The activities on the quantification of FER in serum have attracted attention of a European consortium including research institutes and IVD producers currently formed to establish a more reliable determination of FER and Fe load of FER in serum in clinical routine laboratories. The first stage was positively evaluated, and a full project proposal is currently compiled.

Impact on relevant standards

The reference measurement procedures developed within this project will enable the implementation of the EU regulation 2017/746 on in vitro diagnostic medical devices which states clearly that “the traceability of values assigned to calibrators and/or control materials must be assured through available reference measurement procedures and/or available reference materials of a higher order”. Moreover, the standard EN ISO 17511:2003 demands reference measurement systems including reference measurement procedures for the determination of analytes in samples of human origin. However, neither reference measurement procedures nor reference materials of higher order for analytes related to AD currently exist. One of the aims of the network TraceLabMed is to assist the parties involved in the implementation of the new EU regulation 2017/746. The results achieved in this project will serve as examples of how traceability in laboratory diagnostics can be established.


Longer-term economic, social and environmental impacts

As the risk of getting AD increases with age and people are tending to live longer, so the number of AD patients is expected to increase in the future, with estimates of up to 90 million dementia patients worldwide within the next 20 years, making dementia one of the greatest health issues today.

Besides the importance of early diagnosis to potentially develop a future cure for AD, reliable early diagnosis is important as early intervention can delay the on-set of severe symptoms of dementia, resulting in a better quality of life for AD patients and their carers.
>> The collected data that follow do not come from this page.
(* Let $A\subset\mathbb A$ be an essential thin annular continuum and let $S$ be a spike of $A$ with $h(S)<\infty$. Then $\overline S\cap C_{\hat A}\neq\emptyset$.
   Context: $\mathbb A=\mathbb S^1\times\mathbb R$, $\pi:\mathbb R^2\to\mathbb A$. An essential annular continuum $A$ is a continuum with $\mathbb A\setminus A$ exactly two components $\mathcal U^+(A),\mathcal U^-(A)$, unbounded above resp. below; thin means empty interior; $C_A=\overline{\mathcal U^+(A)}\cap\overline{\mathcal U^-(A)}$; $\hat A=\pi^{-1}(A)$, $C_{\hat A}=\pi^{-1}(C_A)$. For $X\subset\mathbb R^2$, $h(X)=\sup\{x_1-x_2:(x_1,y_1),(x_2,y_2)\in X\}$. Spikes of $A$ are the connected components of $\hat A\setminus C_{\hat A}$. *)

From Stdlib Require Import Reals List.
Open Scope R_scope.

Definition pt := (R * R)%type.
Definition pset := pt -> Prop.

(* deck transformation generating the covering pi : R^2 -> A *)
Definition T1 (p : pt) : pt := (fst p + 1, snd p).

(* subsets of the annulus are represented by their lifts: T1-invariant subsets of R^2 *)
Definition invariant (X : pset) : Prop := forall p, X p <-> X (T1 p).

Definition near (e : R) (p q : pt) : Prop :=
  Rabs (fst p - fst q) < e /\ Rabs (snd p - snd q) < e.

Definition open2 (U : pset) : Prop :=
  forall p, U p -> exists e, 0 < e /\ forall q, near e p q -> U q.

(* closure in R^2 (for invariant sets it is the lift of the closure in A) *)
Definition closure2 (X : pset) : pset :=
  fun p => forall e, 0 < e -> exists q, X q /\ near e p q.

(* open sets of the annulus = lifts of open sets = invariant open sets of R^2 *)
Definition openA (U : pset) : Prop := invariant U /\ open2 U.

Definition connected_wrt (op : pset -> Prop) (X : pset) : Prop :=
  ~ exists U V, op U /\ op V /\
      (forall p, X p -> U p \/ V p) /\
      (exists p, X p /\ U p) /\ (exists p, X p /\ V p) /\
      (forall p, X p -> U p -> V p -> False).

Definition component_wrt (op : pset -> Prop) (C Y : pset) : Prop :=
  (exists p, C p) /\ (forall p, C p -> Y p) /\ connected_wrt op C /\
  forall D : pset, (forall p, C p -> D p) -> (forall p, D p -> Y p) ->
    connected_wrt op D -> forall p, D p -> C p.

Definition connectedA := connected_wrt openA.
Definition componentA (C Y : pset) : Prop := invariant C /\ component_wrt openA C Y.

Definition compactA (X : pset) : Prop :=
  forall (I : Type) (U : I -> pset), (forall i, openA (U i)) ->
    (forall p, X p -> exists i, U i p) ->
    exists l : list I, forall p, X p -> exists i, In i l /\ U i p.

Definition continuumA (X : pset) : Prop :=
  invariant X /\ (exists p, X p) /\ compactA X /\ connectedA X.

Definition complement (X : pset) : pset := fun p => ~ X p.

Definition unbounded_above (X : pset) : Prop := forall M, exists p, X p /\ M < snd p.
Definition unbounded_below (X : pset) : Prop := forall M, exists p, X p /\ snd p < M.

Definition essential_annular (A Up Um : pset) : Prop :=
  continuumA A /\
  componentA Up (complement A) /\ componentA Um (complement A) /\
  (exists p, Up p /\ ~ Um p) /\
  (forall C, componentA C (complement A) -> (forall p, C p <-> Up p) \/ (forall p, C p <-> Um p)) /\
  unbounded_above Up /\ unbounded_below Um.

Definition thin (A : pset) : Prop :=
  forall U, openA U -> (forall p, U p -> A p) -> forall p, ~ U p.

(* C_{\hat A} = pi^{-1}(C_A) = closure(U^+ lift) /\ closure(U^- lift) *)
Definition CAhat (Up Um : pset) : pset := fun p => closure2 Up p /\ closure2 Um p.
Lemma rescaled_payoff_lim_eq0 {T : Type} {F : set_system T} {FF : ProperFilter F}
    {y : T -> X} {s : T -> R} {c : T -> 'rV[R]_n} {x : X} {v : 'rV[R]_n} :
  y @ F --> x -> s @ F --> 0 -> (\forall t \near F, 0 <= s t) ->
  (fun t => s t *: c t) @ F --> v ->
  (\forall t \near F, payoff (y t) (lc (c t))) -> v = 0.
Proof.
move=> yx s0 s_ge0 scv opt; apply: b_free.
suff : (asymptotic_cone A `&` ker_on M pi) (lc v) by rewrite cone_ker.
split; last first.
  split; first by exists v.
  apply: (lim_eq_near (cvg_comp _ _ scv (pi_lincomb_continuous v))
    (g := fun t => s t * rho (y t))); last first.
    by apply: filterS opt => t [_ _ <-] /=; rewrite pi_lincombZ.
  by rewrite -(mul0r (rho x)); apply: cvgM s0 (cvg_comp _ _ yx (rho_cont x)).
move=> e e0.
have lim : (fun t => s t *: (y t + lc (c t))) @ F --> lc v.
  under eq_fun do rewrite scalerDr -lincombZ.
  rewrite -[lc v]add0r -(scale0r x).
  exact: tvs_cvgD (tvs_cvgZ s0 yx) (cvg_comp _ _ scv (lincomb_continuous b v)).
apply: (closed_cvg _ (@closed_closure _ _) _ _ lim).
have se : \forall t \near F, s t <= e by apply: cvgr_le s0 e e0.
apply: filterS (filterI opt (filterI s_ge0 se)) => t [[_ At _] [st0 ste]].
by apply: subset_closure; exists (s t), (y t + lc (c t)); split => //; apply/andP.
Qed.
However, for such an early diagnosis, universal cut-off values to distinguish between healthy and diseased people and reliable routine measurement procedures are a prerequisite. The reference measurement procedures developed in this project will help to improve the reliability of routine measurement kits and reduce the variations between the results of different kits thus enabling the establishment of the required universal cut-off values.

Dementia is already burdening health care systems with total estimated costs of € 32.8 billion in Europe in 2008. Included in these costs are those attributed to informal care such as unpaid care provided by family and others, direct costs of social care such as community care professionals and in residential homes, and the direct costs of medical care. Direct medical care costs account for roughly 20 % of global dementia costs, while direct social sector costs and informal care costs each account for roughly 40 %. Sensitive and reliable measurements will contribute to a reduction of these health care costs because they will enable early detection of AD and, therefore, allow earlier intervention resulting in a delayed on-set of severe impairments requiring hospitalisation. As well as improving the quality of life for both patients and their families, delayed hospitalisation is estimated by some studies to save around US$ 10,000 per person with dementia over the course of the disease.